El tercero de los modelos, el más minoritario, es aquel por el que se defiere al Poder Legislativo la potestad de convocatoria electoral. En puridad, y por lo que atañe a las elecciones, sólo en un país, Brasil, se prevé, corno ya hemos tenido oportunidad de señalar, la convocatoria electoral por el legislador mediante ley. Bien es verdad que en Colombia, aún no estipulándose nada por el ordenamiento jurídico, las elecciones de 1994 han sido convocadas también mediante ley, como asimismo comentamos en un momento precedente. Sin embargo, el Poder Legislativo, en otros dos países, asume competencias de convocar al cuerpo electoral, no a unos comicios, pero sí, por contra, a una consulta electoral referendaria o plebiscitaria. Y así, en Nicaragua, el Decreto Legislativo por el que se ha de convocar un plebiscito o referéndum emana de la Asamblea Nacional, mientras que en Paraguay la convocatoria a referéndum se hará mediante una Ley de la Nación.

Plazo para la convocatoria

Al abordar el plazo, el momento en el que debe hacerse la convocatoria electoral, deben analizarse dos aspectos diferentes: de un lado, si el ordenamiento prevé un único plazo o, por contra, plazos diferenciados según el tipo de comicios, y de otro, el momento especifico en que por mandato legal debe formalizarse la convocatoria electoral.

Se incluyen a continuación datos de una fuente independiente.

Lemma bounded_lipschitz_nonneg (S : R -> R) : bounded_lipschitz S ->
  exists M L, 0 <= L /\ (forall a, Rabs (S a) <= M) /\ lipschitz S L.
Proof.
  intros [[M HM] [L HL]]. exists M, (Rabs L). split; [apply Rabs_pos|]. split; [exact HM|].
  intros a b. eapply Rle_trans; [apply HL|].
  apply Rmult_le_compat_r; [apply Rabs_pos|apply Rle_abs].
Qed.

Section Nonlinearity.

Variable p : nat.
Hypothesis Hp : prime (Z.of_nat p).

Lemma h_equicont (h : R -> Zp p -> R) : cont_time_CZp h ->
  forall T, 0 <= T -> forall eta, 0 < eta -> exists m, forall t, 0 <= t <= T ->
    forall x x', in_ball m x x' -> Rabs (h t x - h t x') <= eta.
Proof.
  intros [Hspace Htime] T HT eta Heta.
  assert (Hq : forall t, 0 <= t <= T -> exists m, forall t', 0 <= t' <= t ->
    forall x x', in_ball m x x' -> Rabs (h t' x - h t' x') <= eta).
  { apply (real_ind T _ HT). intros t Ht Hprev.
    destruct (Htime t (eta/3) ltac:(lra) ltac:(lra)) as [d [Hd Hnear]].
    destruct (unif_cont p Hp (h t) (Hspace t ltac:(lra)) (eta/3) ltac:(lra)) as [m0 Hm0].
    assert (Hlocal : forall t', 0 <= t' -> Rabs (t' - t) < d -> forall x x', in_ball m0 x x' ->
       Rabs (h t' x - h t' x') <= eta).
    { intros t' Ht' Htd x x' Hb. pose proof (Hnear t' Ht' Htd x). pose proof (Hnear t' Ht' Htd x').
      pose proof (Hm0 x x' Hb). clear - H H0 H1. solve_abs. }
    exists d. split; auto.
    destruct (Rlt_or_le (t - d/2) 0) as [Hneg|Hpos].
    - intros s Hs. exists m0. intros t' Ht' x x' Hb. apply (Hlocal t'); [lra| |auto]. solve_abs.
    - intros s Hs. destruct (Hprev (t - d/2) ltac:(lra)) as [m1 Hm1].
      exists (Nat.max m0 m1). intros t' Ht' x x' Hb.
      destruct (Rle_or_lt t' (t - d/2)).
      + apply Hm1; [lra|]. apply (in_ball_mono p Hp _ _ _ (Nat.max m0 m1)); auto; lia.
      + apply (Hlocal t'); [lra|solve_abs|].
        apply (in_ball_mono p Hp _ _ _ (Nat.max m0 m1)); auto; lia. }
  destruct (Hq T (conj HT (Rle_refl T))) as [m Hm]. exists m. intros. apply Hm; auto.
Qed.

Section Component.

(* One component S(w1 * f1 - w2 * f2 + h) of the nonlinearity H; the component H_I is
   the same expression with the inhibitory data, so everything below applies to both. *)
Variable S : R -> R.
Variable L : R.
Hypothesis HL : 0 <= L.
Hypothesis HS : lipschitz S L.
Variables w1 w2 : Zp p -> R.
Variables W1 W2 : R.
Hypothesis Hw1 : forall y, Rabs (w1 y) <= W1.
Hypothesis Hw2 : forall y, Rabs (w2 y) <= W2.
Variable h : R -> Zp p -> R.

Lemma H_lip (f1 f2 g1 g2 : Zp p -> R) B phi s x :
  (forall y, Rabs (f1 y) <= B) -> (forall y, Rabs (f2 y) <= B) ->
  (forall y, Rabs (g1 y - f1 y) <= phi) -> (forall y, Rabs (g2 y - f2 y) <= phi) ->
  Rabs (H_E p Hp S w1 w2 h g1 g2 s x - H_E p Hp S w1 w2 h f1 f2 s x) <= L * (W1 + W2) * phi.
Proof.
  intros Hf1 Hf2 Hg1 Hg2. unfold H_E. eapply Rle_trans; [apply HS|].
  rewrite Rmult_assoc. apply Rmult_le_compat_l; [exact HL|].
  assert (Hd1 : forall y, Rabs (f1 y - g1 y) <= phi) by (intros; rewrite Rabs_minus_sym; auto).
  assert (Hd2 : forall y, Rabs (f2 y - g2 y) <= phi) by (intros; rewrite Rabs_minus_sym; auto).
  pose proof (conv_lip p Hp w1 f1 g1 W1 B phi x Hw1 Hf1 Hd1) as C1.
  pose proof (conv_lip p Hp w2 f2 g2 W2 B phi x Hw2 Hf2 Hd2) as C2.
  clear - C1 C2. solve_abs.
Qed.

Lemma H_equi (f1 f2 : R -> Zp p -> R) B T :
  cont_Zp w1 -> cont_Zp w2 -> cont_time_CZp h -> 0 <= T -> 0 <= B ->
  (forall t, 0 <= t <= T -> forall x, Rabs (f1 t x) <= B /\ Rabs (f2 t x) <= B) ->
  forall eta, 0 < eta -> exists m, forall t, 0 <= t <= T -> forall x x', in_ball m x x' ->
   Rabs (H_E p Hp S w1 w2 h (f1 t) (f2 t) t x - H_E p Hp S w1 w2 h (f1 t) (f2 t) t x') <= eta.
Proof.
  intros Hc1 Hc2 Hh HT HB Hf eta Heta.
  set (e1 := eta / (3 * (L + 1) * (B + 1))).
  assert (He1 : 0 < e1) by (apply Rdiv_lt_0_compat; [lra|]; apply Rmult_lt_0_compat; lra).
  assert (He1e : e1 * (3 * (L + 1) * (B + 1)) = eta) by (unfold e1; field; lra).
  destruct (unif_cont p Hp w1 Hc1 e1 He1) as [m1 Hm1].
  destruct (unif_cont p Hp w2 Hc2 e1 He1) as [m2 Hm2].
  destruct (h_equicont h Hh T HT e1 He1) as [m3 Hm3].
  exists (Nat.max m1 (Nat.max m2 m3)). intros t Ht x x' Hb.
  assert (Hball : forall k, (k <= Nat.max m1 (Nat.max m2 m3))%nat -> in_ball k x x')
    by (intros k Hk; exact (in_ball_mono p Hp _ _ _ _ Hk Hb)).
  pose proof (conv_equi p Hp w1 (f1 t) W1 B e1 m1 x x' Hm1 Hw1
                (fun y => proj1 (Hf t Ht y)) (Hball m1 ltac:(lia))) as B1.
  pose proof (conv_equi p Hp w2 (f2 t) W2 B e1 m2 x x' Hm2 Hw2
                (fun y => proj2 (Hf t Ht y)) (Hball m2 ltac:(lia))) as B2.
  pose proof (Hm3 t Ht x x' (Hball m3 ltac:(lia))) as B3.
  unfold H_E. eapply Rle_trans; [apply HS|].
  apply Rle_trans with (L * (e1 * B + e1 * B + e1)).
  - apply Rmult_le_compat_l; [exact HL|]. clear - B1 B2 B3. solve_abs.
  - rewrite <- He1e. nra.
Qed.

Lemma forcing_bound (f1 f2 g1 g2 : Zp p -> R) B phi eta l s y :
  (forall z, Rabs (f1 z) <= B) -> (forall z, Rabs (f2 z) <= B) ->
  (forall z, Rabs (g1 z - f1 z) <= phi) -> (forall z, Rabs (g2 z - f2 z) <= phi) ->
  (forall z, Rabs (Pl p Hp l (H_E p Hp S w1 w2 h f1 f2 s) z - H_E p Hp S w1 w2 h f1 f2 s z) <= eta) ->
  Rabs (Pl p Hp l (H_E p Hp S w1 w2 h g1 g2 s) y - H_E p Hp S w1 w2 h f1 f2 s y)
    <= L * (W1 + W2) * phi + eta.
Proof.
  intros Hf1 Hf2 Hg1 Hg2 Hproj.
  pose proof (H_lip f1 f2 g1 g2 B phi s (rep p Hp l y) Hf1 Hf2 Hg1 Hg2) as Hlip.
  pose proof (Hproj y) as Hy. rewrite Pl_rep in Hy |- *. clear - Hlip Hy. solve_abs.
Qed.

End Component.

End Nonlinearity.

(* The pair (F, G) seen as a single function of the index (b, x), b selecting the component;
   this turns the sup norm on X into a supremum over one index set. *)
Definition pack {X : Type} (F G : R -> X -> R) : R -> bool * X -> R :=
  fun t j => if fst j then F t (snd j) else G t (snd j).

Lemma C1_unif_deriv p (E I E' I' : R -> Zp p -> R) :
  C1_X E I E' I' -> unif_deriv (pack E I) (pack E' I').
Proof.
  intros [_ [Hquot _]] t Ht eta Heta. destruct (Hquot t eta Ht Heta) as [d [Hd Hs]].
  exists d. split; [exact Hd|]. intros s Hs0 Hst [b x]. unfold pack. simpl.
  destruct (Req_dec s t) as [->|Hne].
  - match goal with |- Rabs ?a <= _ * Rabs ?b => replace a with 0 by ring; replace b with 0 by ring end.
    rewrite Rabs_R0. lra.
  - destruct (Hs s Hs0 Hne Hst) as [HE HI].
    assert (Hfac : forall a a' a'', a - a' - (s - t) * a'' = (s - t) * ((a - a') / (s - t) - a''))
      by (intros; field; lra).
    rewrite Hfac, Rabs_mult, (Rmult_comm eta).
    apply Rmult_le_compat_l; [apply Rabs_pos|]. destruct b; [apply HE|apply HI].
Qed.

Lemma unif_deriv_sub {J : Type} (e1 e1' e2 e2' : R -> J -> R) :
  unif_deriv e1 e1' -> unif_deriv e2 e2' ->
  unif_deriv (fun t j => e1 t j - e2 t j) (fun t j => e1' t j - e2' t j).
Proof.
  intros H1 H2 t Ht eta Heta.
  destruct (H1 t Ht (eta/2) ltac:(lra)) as [d1 [Hd1 Hs1]].
  destruct (H2 t Ht (eta/2) ltac:(lra)) as [d2 [Hd2 Hs2]].
  exists (Rmin d1 d2). split; [apply Rmin_pos; auto|]. intros s Hs0 Hst j.
  pose proof (Rmin_l d1 d2). pose proof (Rmin_r d1 d2).
  specialize (Hs1 s Hs0 ltac:(lra) j). specialize (Hs2 s Hs0 ltac:(lra) j).
  replace (e1 s j - e2 s j - (e1 t j - e2 t j) - (s - t) * (e1' t j - e2' t j))
    with ((e1 s j - e1 t j - (s - t) * e1' t j) - (e2 s j - e2 t j - (s - t) * e2' t j)) by ring.
  clear - Hs1 Hs2. solve_abs.
Qed.

Lemma pack_ode {X : Type} tau (E I E' I' AE AI : R -> X -> R) : 0 < tau ->
  (forall t x, 0 <= t -> E' t x + E t x / tau = AE t x / tau /\
                         I' t x + I t x / tau = AI t x / tau) ->
  forall t j, 0 <= t -> pack E' I' t j = (- pack E I t j + pack AE AI t j) / tau.
Proof.
  intros Htau Hode t [b x] Ht. unfold pack. simpl.
  destruct (Hode t x Ht) as [HE HI].
  assert (Hsolve : forall v a, (- v + a) / tau = a / tau - v / tau) by (intros; field; lra).
  destruct b; rewrite Hsolve; lra.
Qed.

Section Model.

Variable p : nat.
Hypothesis Hp : prime (Z.of_nat p).
Variable tau : R.
Hypothesis Htau : 0 < tau.
Variables SE SI : R -> R.
Variables ME MI LE LI : R.
Hypothesis HSE_bd : forall a, Rabs (SE a) <= ME.
Hypothesis HSI_bd : forall a, Rabs (SI a) <= MI.
Hypothesis HLE : 0 <= LE.
Hypothesis HLI : 0 <= LI.
Hypothesis HSE_lip : lipschitz SE LE.
Hypothesis HSI_lip : lipschitz SI LI.
Variables wEE wEI wIE wII : Zp p -> R.
Hypotheses (HwEE : cont_Zp wEE) (HwEI : cont_Zp wEI) (HwIE : cont_Zp wIE) (HwII : cont_Zp wII).
Variables hE hI : R -> Zp p -> R.
Hypotheses (HhE : cont_time_CZp hE) (HhI : cont_time_CZp hI).
Variables E0 I0 : Zp p -> R.
Hypotheses (HE0 : cont_Zp E0) (HI0 : cont_Zp I0).
Variables E I : R -> Zp p -> R.
Hypothesis Hsol : is_solution p Hp tau SE SI wEE wEI wIE wII hE hI E0 I0 E I.

(* The exact solution is bounded on [0, T]: barrier estimate with K = 0, since |H| <= ME + MI. *)
Lemma sol_bound T : 0 <= T ->
  exists B, 0 <= B /\ forall t, 0 <= t <= T -> forall x, Rabs (E t x) <= B /\ Rabs (I t x) <= B.
Proof.
  intros HT. destruct Hsol as (E' & I' & HC1 & HE0e & HI0e & Hode).
  destruct (cont_bounded p Hp E0 HE0) as [BE [HBE0 HBE]].
  destruct (cont_bounded p Hp I0 HI0) as [BI [HBI0 HBI]].
  assert (HM : 0 <= ME /\ 0 <= MI)
    by (pose proof (HSE_bd 0); pose proof (HSI_bd 0); pose proof (Rabs_pos (SE 0));
        pose proof (Rabs_pos (SI 0)); lra).
  set (c := BE + BI + ME + MI + 1).
  assert (Hbound : forall t, 0 <= t <= T -> forall j,
            Rabs (pack E I t j) <= c * exp ((0 + 1) / tau * t)).
  { apply (barrier _ tau T (ME + MI) c 0 _ (pack E' I')
             (pack (fun t => H_E p Hp SE wEE wEI hE (E t) (I t) t)
                   (fun t => H_I p Hp SI wIE wII hI (E t) (I t) t)));
      try (unfold c; lra).
    - intros [[|] y]; unfold pack; simpl; [rewrite HE0e | rewrite HI0e];
        [specialize (HBE y)|specialize (HBI y)]; unfold c; lra.
    - exact (C1_unif_deriv p E I E' I' HC1).
    - intros t j Ht. apply (pack_ode tau E I E' I'); [exact Htau| |lra].
      intros; apply Hode; assumption.
    - intros t _ _ [[|] y]; unfold pack, H_E, H_I; simpl; rewrite Rmult_0_l, Rplus_0_l;
        [specialize (HSE_bd (conv p Hp wEE (E t) y - conv p Hp wEI (I t) y + hE t y))
        |specialize (HSI_bd (conv p Hp wIE (E t) y - conv p Hp wII (I t) y + hI t y))]; lra. }
  exists (c * exp ((0 + 1) / tau * T)). split.
  { apply Rlt_le, Rmult_lt_0_compat; [unfold c; lra|apply exp_pos]. }
  intros t Ht x.
  assert (Hmono : c * exp ((0 + 1) / tau * t) <= c * exp ((0 + 1) / tau * T))
    by (apply Rmult_le_compat_l; [unfold c; lra|]; apply exp_le;
        apply Rmult_le_compat_l; [apply Rlt_le, Rdiv_lt_0_compat|]; lra).
  split; [pose proof (Hbound t Ht (true, x)) | pose proof (Hbound t Ht (false, x))];
    unfold pack in *; simpl in *; lra.
Qed.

Cuadro 3: Regulación del plazo de la convocatoria

Plazo único

Plazo variable según tipo de elecciones

no hay regulación sobre el plazo de la convocatoria

Argentina

Costa Rica

Ecuador

El Salvador

Honduras

Panamá

Perú

República Dominicana

Bolivia

Cuba

Guatemala

Paraguay

Venezuela

Brasil

Chile

Colombia

Nicaragua

Uruguay

Por lo que al primer aspecto se refiere, ocho países (Argentina, Costa Rica, Ecuador, El Salvador, Honduras, Panamá, Perú y la República Dominicana) optan por un plazo único, idéntico para todo tipo de comicios, con la precisión adicional de que en Costa Rica se salva expresamente del mismo la convocatoria de elecciones constituyentes. En un segundo grupo nos encontramos cinco países (Bolivia, Cuba, Guatemala, Paraguay y Venezuela) en los que el plazo es variable, pues difiere en función del tipo de comicios de que se trate, con una sola precisión, referente a Paraguay, país en el que el plazo es único para todo tipo de elecciones de cargos públicos, si bien difiere del mismo el plazo para la convocatoria de un referéndum. Finalmente, en otros cinco países (Brasil, Chile, Colombia, Nicaragua y Uruguay) no encontramos previsiones específicas sobre este punto, bien que en relación a Uruguay el art° 148 de la Constitución prevea, para el supuesto de convocatoria anticipada de elecciones por virtud de una previa disolución parlamentaria, el momento de celebración de los comicios (el octavo domingo siguiente a la fecha de la disolución), lo que, en cuanto que la convocatoria debe hacerse en el Decreto de disolución, viene a suponer en alguna medida la fijación de un plazo predeterminado que ha de mediar entre la convocatoria electoral y los comicios.
Cuadro 4: Convocatoria en los países que establecen un plazo único.

País

Plazo de convocatoria en relación a la fecha de las elecciones

Argentina

90 días antes

Costa Rica

1° de octubre del año anterior1+2

Cuba

90 días antes

Ecuador

120 días antes

El Salvador

4 meses antes3

Honduras

6 meses antes

Panamá

6 meses más 30 días antes4

Perú

8 meses antes

República Dominicana

2 meses antes

1 en Costa Rica las elecciones generales se celebran constitucionalmente el primer domingo de febrero del año en que el nuevo mandato presidencial empieza; 2 en el caso de elecciones constituyentes el plazo queda a la libre decisión del Tribunal Supremo de Elecciones; 3 en el caso de una 2a vuelta presidencial no menos de 15 días antes; 4 el plazo de la convocatoria se determina en relación al comienzo del proceso electoral (30 días antes) que, cuya apertura será decretada 6 meses antes de las elecciones.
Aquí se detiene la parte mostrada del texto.